• [What is required] Beginning with the first line below, please restate each line exactly, down to and including the line containing "has_dicycle E A.".

*** Begin section ***

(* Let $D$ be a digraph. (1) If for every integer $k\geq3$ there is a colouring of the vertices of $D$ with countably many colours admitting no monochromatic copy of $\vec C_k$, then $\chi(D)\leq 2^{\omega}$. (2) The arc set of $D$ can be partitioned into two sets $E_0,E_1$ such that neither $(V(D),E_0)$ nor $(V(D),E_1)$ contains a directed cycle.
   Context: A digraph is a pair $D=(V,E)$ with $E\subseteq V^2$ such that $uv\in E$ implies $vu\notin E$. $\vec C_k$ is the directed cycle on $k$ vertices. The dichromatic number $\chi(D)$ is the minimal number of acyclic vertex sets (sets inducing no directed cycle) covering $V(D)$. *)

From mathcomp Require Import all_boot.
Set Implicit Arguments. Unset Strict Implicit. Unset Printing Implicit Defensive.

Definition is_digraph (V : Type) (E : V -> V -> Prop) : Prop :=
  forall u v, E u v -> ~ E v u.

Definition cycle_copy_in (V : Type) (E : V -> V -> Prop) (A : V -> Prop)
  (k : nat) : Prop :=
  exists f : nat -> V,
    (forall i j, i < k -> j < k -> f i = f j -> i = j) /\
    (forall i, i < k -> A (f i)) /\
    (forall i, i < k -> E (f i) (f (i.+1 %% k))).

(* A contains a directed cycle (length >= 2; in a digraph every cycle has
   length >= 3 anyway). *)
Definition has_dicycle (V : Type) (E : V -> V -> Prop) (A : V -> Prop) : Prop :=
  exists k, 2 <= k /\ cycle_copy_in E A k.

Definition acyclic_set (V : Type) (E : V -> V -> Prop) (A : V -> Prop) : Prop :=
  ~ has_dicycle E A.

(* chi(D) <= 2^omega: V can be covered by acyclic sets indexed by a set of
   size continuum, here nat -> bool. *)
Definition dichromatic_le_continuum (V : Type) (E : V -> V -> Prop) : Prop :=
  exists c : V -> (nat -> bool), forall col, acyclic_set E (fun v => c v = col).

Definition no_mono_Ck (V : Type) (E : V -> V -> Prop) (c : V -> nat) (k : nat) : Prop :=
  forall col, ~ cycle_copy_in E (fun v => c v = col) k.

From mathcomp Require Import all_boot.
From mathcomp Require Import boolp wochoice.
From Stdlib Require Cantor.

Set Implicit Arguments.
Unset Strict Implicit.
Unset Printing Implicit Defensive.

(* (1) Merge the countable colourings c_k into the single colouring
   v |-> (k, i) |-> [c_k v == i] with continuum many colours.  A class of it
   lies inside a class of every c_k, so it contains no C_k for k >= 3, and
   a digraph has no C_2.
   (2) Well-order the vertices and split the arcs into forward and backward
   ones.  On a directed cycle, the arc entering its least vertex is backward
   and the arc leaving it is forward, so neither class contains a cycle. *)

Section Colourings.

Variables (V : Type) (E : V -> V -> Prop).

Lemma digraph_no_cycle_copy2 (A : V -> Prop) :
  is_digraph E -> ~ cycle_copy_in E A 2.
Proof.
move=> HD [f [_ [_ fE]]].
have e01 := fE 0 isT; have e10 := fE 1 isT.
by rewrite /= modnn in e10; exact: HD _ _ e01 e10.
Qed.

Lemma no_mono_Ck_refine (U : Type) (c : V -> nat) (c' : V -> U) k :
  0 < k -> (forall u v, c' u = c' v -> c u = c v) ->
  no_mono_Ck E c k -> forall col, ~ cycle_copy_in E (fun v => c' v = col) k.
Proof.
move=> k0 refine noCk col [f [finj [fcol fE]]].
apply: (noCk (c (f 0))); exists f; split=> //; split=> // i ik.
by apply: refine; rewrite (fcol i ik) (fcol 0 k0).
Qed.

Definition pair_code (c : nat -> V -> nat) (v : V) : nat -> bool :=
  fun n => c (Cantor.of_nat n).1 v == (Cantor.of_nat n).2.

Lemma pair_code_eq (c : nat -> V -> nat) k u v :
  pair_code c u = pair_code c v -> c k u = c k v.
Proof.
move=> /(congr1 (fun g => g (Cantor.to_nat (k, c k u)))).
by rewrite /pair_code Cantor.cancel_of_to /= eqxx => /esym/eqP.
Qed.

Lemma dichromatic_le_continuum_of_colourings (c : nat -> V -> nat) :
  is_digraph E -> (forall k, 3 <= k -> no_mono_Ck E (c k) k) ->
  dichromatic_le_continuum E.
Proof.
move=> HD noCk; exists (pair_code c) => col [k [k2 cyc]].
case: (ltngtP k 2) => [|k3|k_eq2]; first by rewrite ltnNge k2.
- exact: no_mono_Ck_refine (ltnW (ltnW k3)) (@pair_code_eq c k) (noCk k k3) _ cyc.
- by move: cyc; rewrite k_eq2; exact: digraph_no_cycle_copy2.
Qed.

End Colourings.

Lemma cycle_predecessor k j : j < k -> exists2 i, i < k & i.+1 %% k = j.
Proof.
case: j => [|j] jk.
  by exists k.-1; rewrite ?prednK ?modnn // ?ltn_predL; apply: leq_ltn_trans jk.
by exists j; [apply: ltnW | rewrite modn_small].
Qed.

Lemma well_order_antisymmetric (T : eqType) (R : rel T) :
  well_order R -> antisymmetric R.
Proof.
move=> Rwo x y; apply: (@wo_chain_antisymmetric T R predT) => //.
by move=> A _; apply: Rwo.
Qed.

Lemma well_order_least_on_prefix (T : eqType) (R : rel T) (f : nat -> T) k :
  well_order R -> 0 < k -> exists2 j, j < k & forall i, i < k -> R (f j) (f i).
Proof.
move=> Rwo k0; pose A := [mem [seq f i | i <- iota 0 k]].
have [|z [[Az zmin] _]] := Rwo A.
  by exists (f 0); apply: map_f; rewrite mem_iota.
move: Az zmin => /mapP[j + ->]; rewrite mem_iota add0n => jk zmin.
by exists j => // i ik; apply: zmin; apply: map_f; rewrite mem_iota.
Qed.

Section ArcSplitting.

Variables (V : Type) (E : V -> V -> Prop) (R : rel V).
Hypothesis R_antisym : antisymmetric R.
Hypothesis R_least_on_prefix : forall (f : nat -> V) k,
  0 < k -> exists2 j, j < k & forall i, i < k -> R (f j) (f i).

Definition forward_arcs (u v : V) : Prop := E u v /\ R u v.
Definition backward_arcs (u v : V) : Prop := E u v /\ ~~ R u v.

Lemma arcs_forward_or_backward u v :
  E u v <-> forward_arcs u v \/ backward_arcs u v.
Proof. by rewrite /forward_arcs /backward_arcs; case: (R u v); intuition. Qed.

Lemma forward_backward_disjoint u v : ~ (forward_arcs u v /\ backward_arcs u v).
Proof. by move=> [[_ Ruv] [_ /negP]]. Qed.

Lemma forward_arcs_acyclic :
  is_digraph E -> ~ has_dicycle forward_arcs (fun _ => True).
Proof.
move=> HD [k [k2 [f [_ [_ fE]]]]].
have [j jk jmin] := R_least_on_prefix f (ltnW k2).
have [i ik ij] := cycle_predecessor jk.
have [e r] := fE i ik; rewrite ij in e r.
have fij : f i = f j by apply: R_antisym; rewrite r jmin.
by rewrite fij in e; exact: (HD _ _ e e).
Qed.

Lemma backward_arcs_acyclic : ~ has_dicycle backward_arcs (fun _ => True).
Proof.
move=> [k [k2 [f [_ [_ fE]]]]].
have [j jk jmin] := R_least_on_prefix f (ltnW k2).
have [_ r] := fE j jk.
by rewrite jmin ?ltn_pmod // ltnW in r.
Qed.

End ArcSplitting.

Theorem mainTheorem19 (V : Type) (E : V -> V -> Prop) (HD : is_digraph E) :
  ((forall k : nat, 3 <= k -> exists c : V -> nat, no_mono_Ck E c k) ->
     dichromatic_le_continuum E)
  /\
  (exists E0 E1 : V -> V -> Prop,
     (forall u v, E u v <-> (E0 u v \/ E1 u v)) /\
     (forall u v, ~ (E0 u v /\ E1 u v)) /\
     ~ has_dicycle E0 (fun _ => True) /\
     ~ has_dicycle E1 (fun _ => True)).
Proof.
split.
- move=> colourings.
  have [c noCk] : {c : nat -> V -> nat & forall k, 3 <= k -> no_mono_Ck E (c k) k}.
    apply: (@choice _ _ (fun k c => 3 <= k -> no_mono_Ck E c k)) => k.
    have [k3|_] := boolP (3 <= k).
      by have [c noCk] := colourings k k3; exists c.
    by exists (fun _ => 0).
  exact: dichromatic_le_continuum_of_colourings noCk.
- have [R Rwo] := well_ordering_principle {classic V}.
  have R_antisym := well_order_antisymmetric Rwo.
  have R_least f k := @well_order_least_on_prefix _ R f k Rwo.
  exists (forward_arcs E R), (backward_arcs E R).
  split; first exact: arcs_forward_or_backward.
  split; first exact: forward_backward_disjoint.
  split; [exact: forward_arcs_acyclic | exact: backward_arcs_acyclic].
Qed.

*** End section ***

• [Response for this exercise]
(* Let $D$ be a digraph. (1) If for every integer $k\geq3$ there is a colouring of the vertices of $D$ with countably many colours admitting no monochromatic copy of $\vec C_k$, then $\chi(D)\leq 2^{\omega}$. (2) The arc set of $D$ can be partitioned into two sets $E_0,E_1$ such that neither $(V(D),E_0)$ nor $(V(D),E_1)$ contains a directed cycle.
   Context: A digraph is a pair $D=(V,E)$ with $E\subseteq V^2$ such that $uv\in E$ implies $vu\notin E$. $\vec C_k$ is the directed cycle on $k$ vertices. The dichromatic number $\chi(D)$ is the minimal number of acyclic vertex sets (sets inducing no directed cycle) covering $V(D)$. *)

From mathcomp Require Import all_boot.
Set Implicit Arguments. Unset Strict Implicit. Unset Printing Implicit Defensive.

Definition is_digraph (V : Type) (E : V -> V -> Prop) : Prop :=
  forall u v, E u v -> ~ E v u.

Definition cycle_copy_in (V : Type) (E : V -> V -> Prop) (A : V -> Prop)
  (k : nat) : Prop :=
  exists f : nat -> V,
    (forall i j, i < k -> j < k -> f i = f j -> i = j) /\
    (forall i, i < k -> A (f i)) /\
    (forall i, i < k -> E (f i) (f (i.+1 %% k))).

(* A contains a directed cycle (length >= 2; in a digraph every cycle has
   length >= 3 anyway). *)
Definition has_dicycle (V : Type) (E : V -> V -> Prop) (A : V -> Prop) : Prop :=
  exists k, 2 <= k /\ cycle_copy_in E A k.

Definition acyclic_set (V : Type) (E : V -> V -> Prop) (A : V -> Prop) : Prop :=
  ~ has_dicycle E A.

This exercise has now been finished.